◆ DIRECTIONS FOR THIS TASK ◆
From the first line of the data below, repeat each line exactly until you reach the line with "have := mxtrace_gram_ge0 (a *: P + b *: Q)."; include that line too.

*** DATA SHOWN ***

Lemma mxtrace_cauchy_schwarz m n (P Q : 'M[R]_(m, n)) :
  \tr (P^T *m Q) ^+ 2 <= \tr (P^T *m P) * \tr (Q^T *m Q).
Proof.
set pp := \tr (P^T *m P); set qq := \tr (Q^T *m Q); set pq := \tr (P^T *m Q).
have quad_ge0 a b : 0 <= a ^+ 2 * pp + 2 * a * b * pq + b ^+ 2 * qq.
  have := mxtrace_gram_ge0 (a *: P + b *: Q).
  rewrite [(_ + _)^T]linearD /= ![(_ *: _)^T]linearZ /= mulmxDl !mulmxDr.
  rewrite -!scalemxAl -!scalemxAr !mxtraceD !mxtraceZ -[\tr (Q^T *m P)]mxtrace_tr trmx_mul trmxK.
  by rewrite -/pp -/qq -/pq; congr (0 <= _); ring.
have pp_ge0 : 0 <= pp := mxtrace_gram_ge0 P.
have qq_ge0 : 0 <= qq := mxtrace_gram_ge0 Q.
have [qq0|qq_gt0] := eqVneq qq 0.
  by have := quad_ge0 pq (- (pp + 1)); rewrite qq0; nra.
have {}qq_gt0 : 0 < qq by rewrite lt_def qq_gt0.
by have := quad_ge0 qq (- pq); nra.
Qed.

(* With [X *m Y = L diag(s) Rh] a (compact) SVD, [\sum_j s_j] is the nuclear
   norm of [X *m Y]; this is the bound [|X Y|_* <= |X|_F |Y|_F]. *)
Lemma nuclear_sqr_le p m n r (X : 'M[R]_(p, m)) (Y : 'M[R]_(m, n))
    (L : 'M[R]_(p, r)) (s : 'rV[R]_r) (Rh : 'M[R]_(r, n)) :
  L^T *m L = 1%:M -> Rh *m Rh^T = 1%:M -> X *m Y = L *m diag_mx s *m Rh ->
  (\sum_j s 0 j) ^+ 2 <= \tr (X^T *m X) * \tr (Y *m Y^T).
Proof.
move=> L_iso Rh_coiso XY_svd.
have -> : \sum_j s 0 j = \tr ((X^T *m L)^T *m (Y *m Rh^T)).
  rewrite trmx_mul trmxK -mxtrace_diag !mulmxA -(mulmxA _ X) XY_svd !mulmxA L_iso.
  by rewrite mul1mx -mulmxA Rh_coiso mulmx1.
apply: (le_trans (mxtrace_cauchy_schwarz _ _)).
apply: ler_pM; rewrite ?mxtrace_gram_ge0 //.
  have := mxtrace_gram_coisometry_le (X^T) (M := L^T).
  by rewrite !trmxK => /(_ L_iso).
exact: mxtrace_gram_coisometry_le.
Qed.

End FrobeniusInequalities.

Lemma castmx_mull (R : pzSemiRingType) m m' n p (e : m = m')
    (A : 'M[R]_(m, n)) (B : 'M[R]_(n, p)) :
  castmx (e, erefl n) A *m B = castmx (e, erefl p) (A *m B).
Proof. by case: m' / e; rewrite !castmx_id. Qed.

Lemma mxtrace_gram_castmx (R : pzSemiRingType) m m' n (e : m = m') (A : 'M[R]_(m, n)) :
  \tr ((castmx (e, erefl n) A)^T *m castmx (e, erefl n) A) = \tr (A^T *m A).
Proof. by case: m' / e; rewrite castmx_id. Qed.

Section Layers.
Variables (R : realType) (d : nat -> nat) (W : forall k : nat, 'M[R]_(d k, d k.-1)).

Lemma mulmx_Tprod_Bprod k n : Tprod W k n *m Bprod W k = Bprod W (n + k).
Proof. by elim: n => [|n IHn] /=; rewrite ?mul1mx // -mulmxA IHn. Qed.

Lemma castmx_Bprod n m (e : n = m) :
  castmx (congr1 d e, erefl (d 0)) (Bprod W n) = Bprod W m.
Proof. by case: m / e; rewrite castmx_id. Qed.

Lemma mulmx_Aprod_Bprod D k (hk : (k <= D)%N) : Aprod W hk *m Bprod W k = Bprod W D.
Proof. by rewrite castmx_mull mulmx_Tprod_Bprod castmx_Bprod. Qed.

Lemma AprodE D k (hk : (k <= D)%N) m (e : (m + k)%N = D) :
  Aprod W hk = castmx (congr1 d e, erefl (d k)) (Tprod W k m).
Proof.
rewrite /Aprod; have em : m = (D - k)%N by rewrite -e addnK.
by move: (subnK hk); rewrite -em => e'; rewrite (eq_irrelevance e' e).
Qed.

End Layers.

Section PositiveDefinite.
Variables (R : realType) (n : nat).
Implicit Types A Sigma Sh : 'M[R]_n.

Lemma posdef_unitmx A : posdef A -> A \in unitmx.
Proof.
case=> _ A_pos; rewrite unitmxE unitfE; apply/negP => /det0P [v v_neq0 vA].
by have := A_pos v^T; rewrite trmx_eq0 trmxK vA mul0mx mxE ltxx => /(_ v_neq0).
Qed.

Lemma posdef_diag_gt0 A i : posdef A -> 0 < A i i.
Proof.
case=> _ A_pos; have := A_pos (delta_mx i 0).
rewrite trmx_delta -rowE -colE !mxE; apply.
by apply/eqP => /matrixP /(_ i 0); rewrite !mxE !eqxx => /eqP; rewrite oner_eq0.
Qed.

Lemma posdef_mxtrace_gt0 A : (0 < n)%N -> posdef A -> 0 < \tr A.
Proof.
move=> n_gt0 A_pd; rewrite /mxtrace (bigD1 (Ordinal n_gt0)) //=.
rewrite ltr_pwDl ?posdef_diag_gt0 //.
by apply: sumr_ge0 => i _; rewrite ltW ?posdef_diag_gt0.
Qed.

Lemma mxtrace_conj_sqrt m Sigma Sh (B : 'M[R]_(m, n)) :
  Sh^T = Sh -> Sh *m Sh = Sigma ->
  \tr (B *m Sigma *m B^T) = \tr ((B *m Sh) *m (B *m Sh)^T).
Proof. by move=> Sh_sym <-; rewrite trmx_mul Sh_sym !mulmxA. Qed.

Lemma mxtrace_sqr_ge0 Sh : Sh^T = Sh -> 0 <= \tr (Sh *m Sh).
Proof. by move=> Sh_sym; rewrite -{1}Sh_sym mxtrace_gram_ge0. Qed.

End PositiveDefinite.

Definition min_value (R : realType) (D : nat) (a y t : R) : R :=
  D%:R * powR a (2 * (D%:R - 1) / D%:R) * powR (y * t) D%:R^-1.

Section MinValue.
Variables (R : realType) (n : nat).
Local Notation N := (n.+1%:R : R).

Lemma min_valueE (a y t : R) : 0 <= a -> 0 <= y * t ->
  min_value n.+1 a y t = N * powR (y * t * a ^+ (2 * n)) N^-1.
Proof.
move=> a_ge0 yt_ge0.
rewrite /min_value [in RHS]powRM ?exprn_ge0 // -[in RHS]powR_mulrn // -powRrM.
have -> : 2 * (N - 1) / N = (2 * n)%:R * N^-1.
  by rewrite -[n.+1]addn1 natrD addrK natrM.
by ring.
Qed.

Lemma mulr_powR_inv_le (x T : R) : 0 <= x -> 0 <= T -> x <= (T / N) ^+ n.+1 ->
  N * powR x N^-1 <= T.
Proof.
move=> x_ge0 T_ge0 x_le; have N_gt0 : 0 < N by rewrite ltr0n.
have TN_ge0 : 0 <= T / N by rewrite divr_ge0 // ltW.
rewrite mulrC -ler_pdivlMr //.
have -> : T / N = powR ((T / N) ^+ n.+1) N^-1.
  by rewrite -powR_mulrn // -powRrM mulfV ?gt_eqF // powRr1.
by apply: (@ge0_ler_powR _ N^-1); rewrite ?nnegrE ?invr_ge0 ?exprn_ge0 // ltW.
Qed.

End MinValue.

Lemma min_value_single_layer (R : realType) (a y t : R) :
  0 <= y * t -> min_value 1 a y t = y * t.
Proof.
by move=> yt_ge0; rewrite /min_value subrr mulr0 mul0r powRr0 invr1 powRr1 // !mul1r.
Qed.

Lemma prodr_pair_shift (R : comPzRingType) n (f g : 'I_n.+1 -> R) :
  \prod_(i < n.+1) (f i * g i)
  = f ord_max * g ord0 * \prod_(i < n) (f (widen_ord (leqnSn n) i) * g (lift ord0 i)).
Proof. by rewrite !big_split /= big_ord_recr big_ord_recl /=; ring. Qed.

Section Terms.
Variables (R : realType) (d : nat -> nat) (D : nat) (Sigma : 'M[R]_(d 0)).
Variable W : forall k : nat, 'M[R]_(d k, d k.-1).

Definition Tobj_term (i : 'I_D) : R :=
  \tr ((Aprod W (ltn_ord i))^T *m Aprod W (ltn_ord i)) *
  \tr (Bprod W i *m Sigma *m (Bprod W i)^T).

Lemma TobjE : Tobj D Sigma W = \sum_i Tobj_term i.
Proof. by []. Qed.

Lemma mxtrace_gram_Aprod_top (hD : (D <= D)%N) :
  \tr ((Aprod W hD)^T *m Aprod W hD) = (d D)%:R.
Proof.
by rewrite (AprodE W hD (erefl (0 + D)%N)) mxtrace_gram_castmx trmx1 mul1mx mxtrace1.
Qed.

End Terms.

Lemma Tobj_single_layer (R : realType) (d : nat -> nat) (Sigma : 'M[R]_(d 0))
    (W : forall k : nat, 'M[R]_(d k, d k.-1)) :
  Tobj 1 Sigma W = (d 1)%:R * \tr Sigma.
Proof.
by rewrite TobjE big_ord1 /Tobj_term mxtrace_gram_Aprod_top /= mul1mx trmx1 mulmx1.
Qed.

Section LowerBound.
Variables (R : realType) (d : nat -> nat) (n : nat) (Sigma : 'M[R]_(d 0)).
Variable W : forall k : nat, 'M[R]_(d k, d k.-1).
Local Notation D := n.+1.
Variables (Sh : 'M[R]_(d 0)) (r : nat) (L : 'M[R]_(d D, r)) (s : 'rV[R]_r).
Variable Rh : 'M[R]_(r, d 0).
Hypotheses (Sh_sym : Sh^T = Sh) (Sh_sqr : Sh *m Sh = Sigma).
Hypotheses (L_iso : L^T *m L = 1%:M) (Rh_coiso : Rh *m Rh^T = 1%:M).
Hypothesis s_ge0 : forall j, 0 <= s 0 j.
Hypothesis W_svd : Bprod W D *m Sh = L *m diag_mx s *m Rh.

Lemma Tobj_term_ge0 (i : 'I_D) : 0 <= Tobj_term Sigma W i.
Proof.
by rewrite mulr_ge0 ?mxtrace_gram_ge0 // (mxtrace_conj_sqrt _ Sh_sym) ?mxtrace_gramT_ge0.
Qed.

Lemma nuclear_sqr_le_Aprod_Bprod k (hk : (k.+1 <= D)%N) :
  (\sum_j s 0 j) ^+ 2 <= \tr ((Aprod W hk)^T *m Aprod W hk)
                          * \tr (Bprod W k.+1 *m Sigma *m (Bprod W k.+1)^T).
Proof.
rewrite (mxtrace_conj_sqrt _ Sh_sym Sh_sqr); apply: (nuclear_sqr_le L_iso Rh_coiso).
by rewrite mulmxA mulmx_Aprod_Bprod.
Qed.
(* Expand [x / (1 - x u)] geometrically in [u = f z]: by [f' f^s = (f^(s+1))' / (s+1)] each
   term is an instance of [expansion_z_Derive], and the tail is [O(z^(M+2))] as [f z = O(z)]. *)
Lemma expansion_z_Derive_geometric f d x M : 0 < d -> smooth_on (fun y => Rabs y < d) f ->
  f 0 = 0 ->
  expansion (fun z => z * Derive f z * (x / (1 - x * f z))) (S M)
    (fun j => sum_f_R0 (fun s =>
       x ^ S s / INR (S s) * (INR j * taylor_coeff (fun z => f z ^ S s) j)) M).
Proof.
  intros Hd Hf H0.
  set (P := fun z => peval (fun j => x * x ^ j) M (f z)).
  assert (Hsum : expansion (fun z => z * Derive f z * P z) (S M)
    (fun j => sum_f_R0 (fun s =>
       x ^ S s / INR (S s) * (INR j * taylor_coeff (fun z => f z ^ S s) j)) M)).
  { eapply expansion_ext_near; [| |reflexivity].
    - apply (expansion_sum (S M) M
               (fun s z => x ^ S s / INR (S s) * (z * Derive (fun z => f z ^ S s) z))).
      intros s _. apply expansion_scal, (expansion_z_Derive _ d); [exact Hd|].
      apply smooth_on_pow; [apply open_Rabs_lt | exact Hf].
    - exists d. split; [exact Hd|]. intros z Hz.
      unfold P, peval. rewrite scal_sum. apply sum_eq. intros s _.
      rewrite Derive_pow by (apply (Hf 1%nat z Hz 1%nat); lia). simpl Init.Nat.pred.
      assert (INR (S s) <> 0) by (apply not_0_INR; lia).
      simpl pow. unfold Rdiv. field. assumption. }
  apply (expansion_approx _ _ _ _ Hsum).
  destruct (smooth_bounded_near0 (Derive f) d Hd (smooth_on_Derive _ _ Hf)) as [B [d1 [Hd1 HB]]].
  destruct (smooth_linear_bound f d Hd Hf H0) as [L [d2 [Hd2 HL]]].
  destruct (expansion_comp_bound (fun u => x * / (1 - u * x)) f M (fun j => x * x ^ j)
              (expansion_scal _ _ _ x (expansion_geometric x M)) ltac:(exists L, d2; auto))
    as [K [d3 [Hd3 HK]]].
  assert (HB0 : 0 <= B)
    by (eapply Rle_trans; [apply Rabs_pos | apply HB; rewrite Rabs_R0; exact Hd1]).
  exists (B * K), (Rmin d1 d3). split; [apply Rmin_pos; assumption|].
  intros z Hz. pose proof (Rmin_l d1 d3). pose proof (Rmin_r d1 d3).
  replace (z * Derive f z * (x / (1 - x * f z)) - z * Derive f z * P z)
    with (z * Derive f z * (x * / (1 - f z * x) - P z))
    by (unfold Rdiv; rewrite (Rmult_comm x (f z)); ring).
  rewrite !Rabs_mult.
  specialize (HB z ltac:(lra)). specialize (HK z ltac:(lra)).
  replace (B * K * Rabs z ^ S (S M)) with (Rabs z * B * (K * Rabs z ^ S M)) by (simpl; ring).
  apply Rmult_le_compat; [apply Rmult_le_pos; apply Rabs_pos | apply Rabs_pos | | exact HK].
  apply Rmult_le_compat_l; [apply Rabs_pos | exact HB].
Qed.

*** End of DATA SHOWN ***

◆ ANSWER TO THE EXERCISE ◆
Lemma mxtrace_cauchy_schwarz m n (P Q : 'M[R]_(m, n)) :
  \tr (P^T *m Q) ^+ 2 <= \tr (P^T *m P) * \tr (Q^T *m Q).
Proof.
set pp := \tr (P^T *m P); set qq := \tr (Q^T *m Q); set pq := \tr (P^T *m Q).
have quad_ge0 a b : 0 <= a ^+ 2 * pp + 2 * a * b * pq + b ^+ 2 * qq.
  have := mxtrace_gram_ge0 (a *: P + b *: Q).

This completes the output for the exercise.